= Hezekiah ben Manoah =

French rabbi and Bible commentator

Hezekiah ben Manoah, or Hezekiah bar Manoah, was a French rabbi and Bible commentator of the 13th century. He is generally known by the title of his commentary, Chizkuni (חזקוני).

In memory of his father, who lost his right hand through his steadfastness in the faith, Hezekiah wrote a commentary on the Pentateuch, under the title Ḥazzeḳuni (ca. 1240). It was printed at Venice in 1524. Other editions appeared at Cremona (1559), Amsterdam (1724, in the Rabbinical Bible of M. Frankfurter), Lemberg (1859), etc.

The commentary is one of the first systematic supercommentaries on the classical commentary of Rashi predating in this field the work of Nachmanides, but it also uses digests and brings selectively quotes and material from about twenty other commentaries as is stated in the introduction. The commentary is based to large extent on the works of Abraham ibn Ezra, Rashbam, Joseph ben Isaac Bekhor Shor and other commentators of the French school. In addition to commentaries and critical analysis and elucidation of Rashi's work, he also contributed original analysis in the form of psychological profiles and historical analysis. The work contains a significant amount of references to Latin biblical terms.
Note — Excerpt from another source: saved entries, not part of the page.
Lemma raise_inj b1 b2 t1 t2 : is_composition b1 -> is_composition b2 ->
  raise b1 t1 = raise b2 t2 -> b1 = b2 /\ t1 = t2.
Proof.
move=> c1 c2 E.
have count1 b t : is_composition b -> count (pred1 1) (raise b t) = t.
  move=> /allP cb; rewrite count_cat count_nseq /= mul1n count_map.
  rewrite (eq_in_count (a2 := pred0)) ?count_pred0 //.
  by move=> x /cb /=; rewrite eqSS; case: eqP => // ->.
have et : t1 = t2 by rewrite -(count1 b1 t1 c1) -(count1 b2 t2 c2) E.
subst t2; split => //.
have sz : size (map succn b1) = size (map succn b2).
  by have := congr1 size E; rewrite !size_cat; lia.
by move/eqP: E; rewrite eqseq_cat // => /andP [/eqP /(inj_map succn_inj)].
Qed.

Definition max_factor a k :=
  factors_with a k /\ forall k', factors_with a k' -> k' <= k.

Lemma max_factor_uniq a k1 k2 : max_factor a k1 -> max_factor a k2 -> k1 = k2.
Proof. by case=> h1 m1 [h2 m2]; apply/eqP; rewrite eqn_leq m1 // m2. Qed.

Lemma ex_max (P : nat -> Prop) N : P 0 -> (forall k, P k -> k <= N) ->
  exists k, P k /\ forall k', P k' -> k' <= k.
Proof.
elim: N => [|N IH] p0 hb; first by exists 0; split => // k' /hb.
have [h | h] := classic (P N.+1); first by exists N.+1.
apply: IH => // k hk; have := hb k hk; rewrite leq_eqVlt => /orP [/eqP E|] //.
by move: hk; rewrite E.
Qed.

Lemma max_factor_ex a : is_composition a -> exists k, max_factor a k.
Proof. by move=> ca; apply: ex_max (factors_with0 ca) (@factors_with_leq_size a). Qed.

Lemma max_factor_raise b k t : is_composition b -> 0 < t -> max_factor b k ->
  max_factor (raise b t) k.+1.
Proof.
move=> cb ht [h1 h2]; split; first exact: factors_with_raise.
case=> // k' /factors_withS [b' [t' [ht' E f']]].
have [eb _] := raise_inj (factors_with_composition f') cb (esym E).
by rewrite ltnS h2 // -eb.
Qed.

Lemma pure_max_factor a k : max_factor a k -> pure a <-> ~~ odd k.
Proof.
move=> mk; split; last by move=> ev; exists k; case: mk.
by case=> k' [f1 f2 ev]; rewrite (max_factor_uniq mk (conj f1 f2)).
Qed.

Lemma pure_raise b t : is_composition b -> 0 < t ->
  pure (raise b t) <-> ~ pure b.
Proof.
move=> cb ht; have [k mk] := max_factor_ex cb.
rewrite (pure_max_factor (max_factor_raise cb ht mk)) (pure_max_factor mk) /=.
by case: (odd k); split.
Qed.

Lemma inverting_raise b t : inverting (raise b t) -> inverting b.
Proof.
move=> ic i hi hmax.
have hmax' : i.+1 <= \max_(x <- raise b t) x.
  move: hmax; rewrite !bigmax_geE //; try lia.
  by case/hasP => x hx hix; apply/hasP; exists x.+1; rewrite // mem_cat map_f.
have [s [u [hsu hu hs hut]]] := ic i.+1 (ltnW hi : 1 < i.+1) hmax'.
have hu' : u < size b.
  rewrite ltnNge; apply/negP => H; move: hut.
  by rewrite nth_cat size_map ltnNge H /= nth_nseq; case: ifP; lia.
have hs' : s < size b by lia.
move: hs hut; rewrite /raise !nth_cat size_map hs' hu' !(nth_map 0) // => -[hs] hut.
by exists s, u; split => //; lia.
Qed.

(** * Injectivity *)

Lemma same_order_succ b : same_order b (map succn b).
Proof.
apply: same_order_mono; first by rewrite size_map.
by move=> j k hj hk; rewrite /above !(nth_map 0) //; lia.
Qed.

Lemma same_order_pred b : is_composition b -> same_order b (map predn b).
Proof.
move=> cb; apply: same_order_mono; first by rewrite size_map.
move=> j k hj hk; rewrite /above !(nth_map 0) //.
by have := nth_composition_gt0 cb hj; have := nth_composition_gt0 cb hk; lia.
Qed.

Definition pure_inverting (b : seq nat) :=
  [/\ is_composition b, pure b & inverting b].

Lemma pure_inverting_pad_order b1 b2 e1 : pure_inverting b1 -> pure_inverting b2 ->
  0 < e1 -> ~ same_order (b1 ++ nseq e1 0) b2.
Proof.
move=> [c1 p1 i1] [c2 p2 i2] he so; set B1 := b1 ++ nseq e1 0.
have le1 := inverting_le_nth c1 i1 so (or_introl he).
have so2 : same_order (b2 ++ nseq 0 0) (map succn B1).
  by rewrite cats0; apply: same_order_trans (same_order_succ B1); apply: same_order_sym.
have pos : all (fun y => 0 < y) (map succn B1) by rewrite all_map; apply/allP.
have le2 := inverting_le_nth c2 i2 so2 (or_intror pos).
have le3 :=
  inverting_le_nth c1 i1 (same_order_trans so (same_order_pred c2)) (or_introl he).
have E : b2 = raise b1 e1.
  rewrite /raise -map_nseq -map_cat -/B1.
  have sz : size B1 = size b2 by case: so.
  apply: (eq_from_nth (x0 := 0)); rewrite ?size_map // => j hj.
  have := le1 j; have := le3 j; have := le2 j; rewrite cats0.
  rewrite -/B1 !(nth_map 0) ?sz //; have := nth_composition_gt0 c2 hj; lia.
by move: p2; rewrite E => /(pure_raise c1 he).
Qed.

Lemma eq_from_nth_le (s1 s2 : seq nat) : size s1 = size s2 ->
  (forall j, nth 0 s1 j <= nth 0 s2 j) -> (forall j, nth 0 s2 j <= nth 0 s1 j) ->
  s1 = s2.
Proof.
move=> e h1 h2; apply: (eq_from_nth (x0 := 0)) => // j _.
by apply/eqP; rewrite eqn_leq h1 h2.
Qed.

Lemma pure_inverting_same_order b1 b2 e1 e2 :
  pure_inverting b1 -> pure_inverting b2 ->
  same_order (b1 ++ nseq e1 0) (b2 ++ nseq e2 0) ->
  b1 ++ nseq e1 0 = b2 ++ nseq e2 0.
Proof.
move=> h1 h2 so; have [c1 _ i1] := h1; have [c2 _ i2] := h2.
have sz : size (b1 ++ nseq e1 0) = size (b2 ++ nseq e2 0) by case: so.
have [e10 | he1] := posnP e1; have [e20 | he2] := posnP e2; subst.
- apply: eq_from_nth_le => //.
  + by apply: (inverting_le_nth c1 i1 so); right; rewrite cats0.
  + by apply: (inverting_le_nth c2 i2 (same_order_sym so)); right; rewrite cats0.
- by rewrite cats0 in so; case: (pure_inverting_pad_order h2 h1 he2 (same_order_sym so)).
- by rewrite cats0 in so; case: (pure_inverting_pad_order h1 h2 he1 so).
- apply: eq_from_nth_le => //.
  + exact: (inverting_le_nth c1 i1 so (or_introl he1)).
  + exact: (inverting_le_nth c2 i2 (same_order_sym so) (or_introl he2)).
Qed.

Lemma nth_composition_size (s1 s2 : seq nat) m : is_composition s2 ->
  size s2 <= m -> (forall r, r < m -> nth 0 s1 r = nth 0 s2 r) ->
  size s2 <= size s1.
Proof.
move=> c2 s2m H; rewrite leqNgt; apply/negP => hlt.
have := H (size s1) (leq_trans hlt s2m); rewrite nth_default //.
by have := nth_composition_gt0 c2 hlt; lia.
Qed.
Despite being obviously based on existing material, the author quotes explicitly as his sources only classical Talmudic and Mishanaic sources and Rashi, Dunash ben Labrat, the "Yosippon", and a Sefer haToladot (which may be the work mentioned in the Tosafot's commentary to ). Hezekiah stated in his work that the lack of citations was to avoid bias and "glorify the great with the small".